Description of the task – Would you reproduce, without any alteration, the lines from the opening line of the entries through the line that has "- exact/measurable_realfun.measurable_EFinP." in it?

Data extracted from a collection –
Lemma Rintegrable_le u v : measurable_fun setT u -> (forall w, `|u w| <= v w) ->
  Rintegrable v -> Rintegrable u.
Proof.
move=> mu uv iv; apply: (le_integrable measurableT _ _ iv).
- exact/measurable_realfun.measurable_EFinP.
- by move=> w _ /=; rewrite lee_fin (le_trans (uv w)) ?ler_norm.
Qed.

Lemma RintegrableD u v : Rintegrable u -> Rintegrable v ->
  Rintegrable (fun w => u w + v w).
Proof. exact: integrableD. Qed.

Lemma RintegrableB u v : Rintegrable u -> Rintegrable v ->
  Rintegrable (fun w => u w - v w).
Proof. exact: integrableB. Qed.

Lemma RintegrableZ k u : Rintegrable u -> Rintegrable (fun w => k * u w).
Proof. exact: integrableZl. Qed.

Lemma Rintegrable_cst k : Rintegrable (fun _ => k).
Proof. exact: finite_measure_integrable_cst. Qed.

Lemma L2_cst (h : H) : L2 (fun _ => h).
Proof. by split; [exact: random_var_cst | exact: Rintegrable_cst]. Qed.

Lemma L2_lincomb f g a b : L2 f -> L2 g -> L2 (fun w => a *: f w + b *: g w).
Proof.
move=> [rf jf] [rg jg]; split; first exact: random_var_lincomb.
apply: (@Rintegrable_le _ (fun w => 2 * a ^+ 2 * `|f w| ^+ 2 + 2 * b ^+ 2 * `|g w| ^+ 2)).
- by apply: measurable_sqr_norm; exact: random_var_lincomb.
- move=> w; rewrite ger0_norm ?sqr_ge0 //.
  apply: le_trans (sqr_normD_le ip_inner _ _) _.
  by rewrite !normrZ !exprMn !real_normK ?num_real // !mulrA.
- by apply: RintegrableD; rewrite -?mulrA; exact: RintegrableZ.
Qed.

Lemma L2B f g : L2 f -> L2 g -> L2 (f \- g).
Proof.
move=> Lf Lg; have := L2_lincomb 1 (-1) Lf Lg.
by under eq_fun do rewrite scale1r scaleN1r.
Qed.

Lemma L2_le f g1 g2 : random_var f -> L2 g1 -> L2 g2 ->
  (forall w, `|f w| <= `|g1 w| + `|g2 w|) -> L2 f.
Proof.
move=> rf [_ j1] [_ j2] fg; split => //.
apply: (@Rintegrable_le _ (fun w => 2 * `|g1 w| ^+ 2 + 2 * `|g2 w| ^+ 2)).
- exact: measurable_sqr_norm.
- move=> w; rewrite ger0_norm ?sqr_ge0 //.
  have := fg w; have := normr_ge0 (f w); have := normr_ge0 (g1 w).
  have := normr_ge0 (g2 w); have := sqr_ge0 (`|g1 w| - `|g2 w|); nra.
- by apply: RintegrableD; exact: RintegrableZ.
Qed.

Lemma Rintegrable_ip f g : L2 f -> L2 g -> Rintegrable (fun w => ip (f w) (g w)).
Proof.
move=> [rf jf] [rg jg].
apply: (@Rintegrable_le _ (fun w => 2^-1 * `|f w| ^+ 2 + 2^-1 * `|g w| ^+ 2)).
- exact: measurable_ip.
- move=> w; apply: le_trans (ip_cauchy_schwarz ip_inner _ _) _.
  have := sqr_ge0 (`|f w| - `|g w|); rewrite sqrrB; lra.
- by apply: RintegrableD; exact: RintegrableZ.
Qed.

Lemma Rintegrable_norm f : L2 f -> Rintegrable (fun w => `|f w|).
Proof.
move=> [rf jf].
apply: (@Rintegrable_le _ (fun w => 2^-1 + 2^-1 * `|f w| ^+ 2)).
- exact: measurable_norm.
- move=> w; rewrite normr_id; have := sqr_ge0 (`|f w| - 1); rewrite sqrrB; lra.
- by apply: RintegrableD; [exact: Rintegrable_cst | exact: RintegrableZ].
Qed.

Lemma square_integrable_L2 f : square_integrable P f -> L2 f.
Proof.
case=> rf fint; split => //; apply/integrableP; split.
  exact/measurable_realfun.measurable_EFinP/measurable_sqr_norm.
by rewrite (eq_integral (fun w => (`|f w| ^+ 2)%:E)) // => w _;
  rewrite /= ger0_norm ?sqr_ge0.
Qed.

End SquareIntegrable.

Section Orthogonality.
Context {R : realType} {H : normedModType R} (ip : H -> H -> R)
  {d : measure_display} {T : measurableType d} (P : probability T R).
Hypotheses (ip_inner : is_inner_product ip) (H_separable : @separable_space R H).
Variables (F : set (set T)) (e : T -> H).
Hypotheses (F_sigma : sigma_algebra setT F) (F_measurable : forall E, F E -> measurable E).
Hypotheses (e_L2 : L2 P e) (e_orth : forall E h, F E -> \int[P]_(w in E) ip (e w) h = 0).

Lemma sigma_algebra_seqDU (B : (set T)^nat) : (forall i, F (B i)) -> forall n, F (seqDU B n).
Proof.
move=> FB n; have [_ FC FU] := F_sigma.
have [_ _ _ FI] := (sigma_algebraP (fun X _ => @subsetT _ X)).1 F_sigma.
rewrite /seqDU setDE; apply: FI => //; rewrite -setTD; apply: FC.
rewrite -bigcup_mkord bigcup_mkcond; apply: FU => i.
by case: ifP => _; [exact: FB | case: F_sigma].
Qed.

Lemma ip_shift_le (s rho : R) (u y z : H) : `|s| <= 1 -> `|y - z| < rho ->
  s * ip u z <= s * ip u y + rho * `|u|.
Proof.
move=> s_le1 yz; have : `|s * ip u (y - z)| <= rho * `|u|.
  rewrite normrM -[rho * _]mul1r; apply: ler_pM => //.
  apply: le_trans (ip_cauchy_schwarz ip_inner _ _) _.
  by rewrite mulrC ler_wpM2r // ltW.
by rewrite (ipBr ip_inner) mulrBr ler_norml => /andP[]; lra.
Qed.

(* On the F-measurable cell of the points where Z lies within rho of z j, the
   integrand dominates s <e, z j>, whose integral vanishes. *)
Lemma Rintegral_ip_approx_ge0 (Z : T -> H) (s rho : R) : L2 P Z -> measurable_wrt F Z ->
  `|s| <= 1 -> 0 < rho -> 0 <= \int[P]_w (s * ip (e w) (Z w) + rho * `|e w|).
Proof.
move=> LZ mZ s_le1 rho_gt0; have [z z_dense] := separable_dense_seq H_separable.
pose E := seqDU (fun j => Z @^-1` ball (z j) rho).
have FE : forall j, F (E j).
  by apply: sigma_algebra_seqDU => j; apply: mZ; apply: borelH_open; exact: ball_open.
have mE j : measurable (E j) by exact: F_measurable.
have E_cover : \bigcup_j E j = setT.
  rewrite -seqDU_bigcup_eq; apply/seteqP; split => // w _.
  have [j wj] := z_dense (Z w) _ rho_gt0.
  by exists j => //=; rewrite -ball_normE /= distrC.
pose g w := s * ip (e w) (Z w) + rho * `|e w|.
have ig : Rintegrable P g.
  by apply: RintegrableD; apply: RintegrableZ;
    [exact: Rintegrable_ip | exact: Rintegrable_norm].
have iS D u : measurable D -> Rintegrable P u -> P.-integrable D (EFin \o u).
  by move=> mD; apply: integrableS measurableT mD (@subsetT _ _).
apply: fine_ge0; rewrite -E_cover integral_bigcup //;
  [| exact: trivIset_seqDU | by rewrite E_cover; exact: ig].
apply: nneseries_ge0 => j _ _.
have ij : Rintegrable P (fun w => ip (e w) (z j)).
  by apply: Rintegrable_ip => //; exact: L2_cst.
apply: le_trans (_ : (\int[P]_(w in E j) (s * ip (e w) (z j))%:E <= _)%E).
  by rewrite integral_EFin_Rintegral ?iS ?RintegralZl ?iS ?e_orth ?mulr0 //;
    exact: RintegrableZ.
apply: le_integral; rewrite ?iS //; first exact: RintegrableZ.
move=> w; rewrite inE lee_fin => /(@subset_seqDU _ _ j w).
by rewrite /= -ball_normE /= distrC; exact: ip_shift_le.
Qed.

Lemma Rintegral_ip_orthogonal (Z : T -> H) : L2 P Z -> measurable_wrt F Z ->
  \int[P]_w ip (e w) (Z w) = 0.
Proof.
move=> LZ mZ; set I := \int[P]_w _; set M := \int[P]_w `|e w|.
have M_ge0 : 0 <= M by apply: Rintegral_ge0.
have iI := Rintegrable_ip ip_inner H_separable e_L2 LZ.
have iM := Rintegrable_norm e_L2.
have bound rho : 0 < rho -> `|I| <= rho * M.
  move=> rho_gt0; rewrite ler_norml.
  have n1 : `|1 : R| <= 1 by rewrite normr1.
  have nN1 : `|-1 : R| <= 1 by rewrite normrN1.
  have := Rintegral_ip_approx_ge0 LZ mZ n1 rho_gt0.
  have := Rintegral_ip_approx_ge0 LZ mZ nN1 rho_gt0.
  rewrite !RintegralD ?RintegralZl //; try exact: RintegrableZ.
  rewrite -/I -/M; lra.
apply/eqP; rewrite -normr_le0; apply/ler_addgt0Pr => eps eps_gt0.
have rho_gt0 : 0 < eps / (M + 1) by rewrite divr_gt0 //; lra.
apply: le_trans (bound _ rho_gt0) _.
by rewrite add0r mulrAC ler_pdivrMr ?ler_pM2l //; lra.
Qed.

End Orthogonality.

Section LogRate.
Context {R : realType}.

Lemma inv_succ_le_lnB (m : R) : 0 < m -> (m + 1)^-1 <= ln (m + 1) - ln m.
Proof.
move=> m_gt0; have m1_gt0 : 0 < m + 1 by lra.
have : -1 < - (m + 1)^-1 by rewrite ltrN2 invf_lt1 //; lra.
move=> /le_ln1Dx; have -> : 1 - (m + 1)^-1 = m / (m + 1) by field; lra.
rewrite ln_div ?posrE //; lra.
Qed.

Lemma ln_lt_2sqrt (y : R) : 0 < y -> ln y < 2 * Num.sqrt y.
Proof.
move=> y_gt0; have s_gt0 : 0 < Num.sqrt y by rewrite sqrtr_gt0.
rewrite -{1}[y]sqr_sqrtr ?ltW // lnXn // mulr2n.
by have := ln_sublinear s_gt0; lra.
Qed.

(* The threshold on m guarantees K ln (m + 1) <= m / 2, through ln y < 2 sqrt y. *)
Lemma log_rate_step_bound (K Cc C m : R) : 0 <= K -> 0 <= Cc -> 4 * Cc <= C ->
  64 * K ^+ 2 + 1 <= m ->
  C * (ln m / m) + Cc / m ^+ 2 <= (1 + m^-1 - K / m ^+ 2) * (C * (ln (m + 1) / (m + 1))).
Proof.
move=> K_ge0 Cc_ge0 CcC Km; have m_ge1 : 1 <= m by have := sqr_ge0 K; lra.
have m_gt0 : 0 < m by lra.
set L0 := ln m; set L1 := ln (m + 1).
have L_step : 1 <= (m + 1) * (L1 - L0).
  by have := inv_succ_le_lnB m_gt0; rewrite -div1r ler_pdivrMr // -/L0 -/L1; lra.
have KL1 : K * L1 <= m / 2.
  have s8 : 8 * K <= Num.sqrt (m + 1).
    by rewrite -[8 * K]ger0_norm ?mulr_ge0 // -sqrtr_sqr ler_wsqrtr //; nra.
  have := ln_lt_2sqrt (_ : 0 < m + 1); rewrite -/L1 => /(_ ltac:(lra)) L1s.
  have : Num.sqrt (m + 1) ^+ 2 = m + 1 by rewrite sqr_sqrtr //; lra.
  by have := sqrtr_ge0 (m + 1); nra.
rewrite -subr_ge0.
have -> : (1 + m^-1 - K / m ^+ 2) * (C * (L1 / (m + 1))) - (C * (L0 / m) + Cc / m ^+ 2) =
    (C * m * ((m + 1) * (L1 - L0)) - Cc * (m + 1) - K * L1 * C) / (m ^+ 2 * (m + 1)).
  by field; lra.
apply: divr_ge0; last by rewrite mulr_ge0 ?sqr_ge0 //; lra.
have C_ge0 : 0 <= C by lra.
have : 0 <= C * m * ((m + 1) * (L1 - L0) - 1) by rewrite !mulr_ge0 ?subr_ge0 //; lra.
have : 0 <= C * (m / 2 - K * L1) by rewrite mulr_ge0 ?subr_ge0.
have : 0 <= (C - 4 * Cc) * m by rewrite mulr_ge0 ?subr_ge0 //; lra.
have : 0 <= Cc * (m - 1) by rewrite mulr_ge0 ?subr_ge0.
lra.
Qed.

Lemma log_rate_step (K Cc C m p q : R) : 0 <= K -> 0 <= Cc -> 4 * Cc <= C ->
  64 * K ^+ 2 + 1 <= m -> p <= C * (ln m / m) ->
  (1 + m^-1 - K / m ^+ 2) * q <= p + Cc / m ^+ 2 ->
  q <= C * (ln (m + 1) / (m + 1)).
Proof.
move=> K_ge0 Cc_ge0 CcC Km pm qp.
have K_lt_m : K < m by have := sqr_ge0 (8 * K - 16^-1); rewrite sqrrB; nra.
have m_gt0 : 0 < m by lra.
have f_gt0 : 0 < 1 + m^-1 - K / m ^+ 2.
  have : K / m ^+ 2 < m^-1.
    by rewrite expr2 invfM mulrA gtr_pMl ?invr_gt0 // ltr_pdivrMr ?mul1r.
  by have := invr_gt0 m; lra.
rewrite -(ler_pM2l f_gt0); apply: le_trans qp _.
by apply: le_trans (log_rate_step_bound K_ge0 Cc_ge0 CcC Km); rewrite lerD2r.
Qed.

(* C bounds the terms up to the threshold N directly, and 4 Cc <= C is all that
   log_rate_step needs beyond it. *)
Lemma log_rate_recursion (K Cc : R) (Phi : nat -> R) : 0 <= K -> 0 <= Cc ->
  (forall n, 0 <= Phi n) ->
  (forall n, (1 + n.+1%:R^-1 - K / n.+1%:R ^+ 2) * Phi n.+1 <=
             Phi n + Cc / n.+1%:R ^+ 2) ->
  exists C, forall n, (0 < n)%N -> Phi n <= C * (ln n.+1%:R / n.+1%:R).
Proof.
move=> K_ge0 Cc_ge0 Phi_ge0 rec.
pose N := Num.trunc (64 * K ^+ 2 + 1).
have N_gt : 64 * K ^+ 2 + 1 < N.+1%:R by exact: truncnS_gt.
have N_gt0 : (0 < N)%N by rewrite truncn_gt0; have := sqr_ge0 K; lra.
pose h i := Phi i * i.+1%:R / ln i.+1%:R.
pose C := 4 * Cc + \sum_(i < N.+1) h i.
have ln_succ_gt0 i : (0 < i)%N -> 0 < ln (i.+1%:R : R).
  by move=> i_gt0; rewrite ln_gt0 // ltr1n ltnS.
have h_ge0 i : 0 <= h i by rewrite !mulr_ge0 ?invr_ge0 ?ln_ge0 // ler1n.
exists C; elim=> [//|n IH _].
have [n1N|Nn1] := leqP n.+1 N.
  have -> : Phi n.+1 = h n.+1 * (ln n.+2%:R / n.+2%:R).
    by rewrite /h; field; rewrite !gt_eqF ?ln_succ_gt0.
  rewrite ler_wpM2r ?divr_ge0 ?ln_ge0 ?ler1n // /C (bigD1 (Ordinal (n1N : n.+1 < N.+1)%N)) //=.
  by rewrite addrCA lerDl addr_ge0 ?sumr_ge0 ?mulr_ge0.
have C_ge : 4 * Cc <= C by rewrite lerDl sumr_ge0.
rewrite -natr1; apply: (log_rate_step K_ge0 Cc_ge0 C_ge _ (IH _) (rec n)).
- by apply: ltW (lt_le_trans N_gt _); rewrite ler_nat.
- by apply: leq_trans N_gt0 _; rewrite -ltnS.
Qed.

Result –
Lemma Rintegrable_le u v : measurable_fun setT u -> (forall w, `|u w| <= v w) ->
  Rintegrable v -> Rintegrable u.
Proof.
move=> mu uv iv; apply: (le_integrable measurableT _ _ iv).
- exact/measurable_realfun.measurable_EFinP.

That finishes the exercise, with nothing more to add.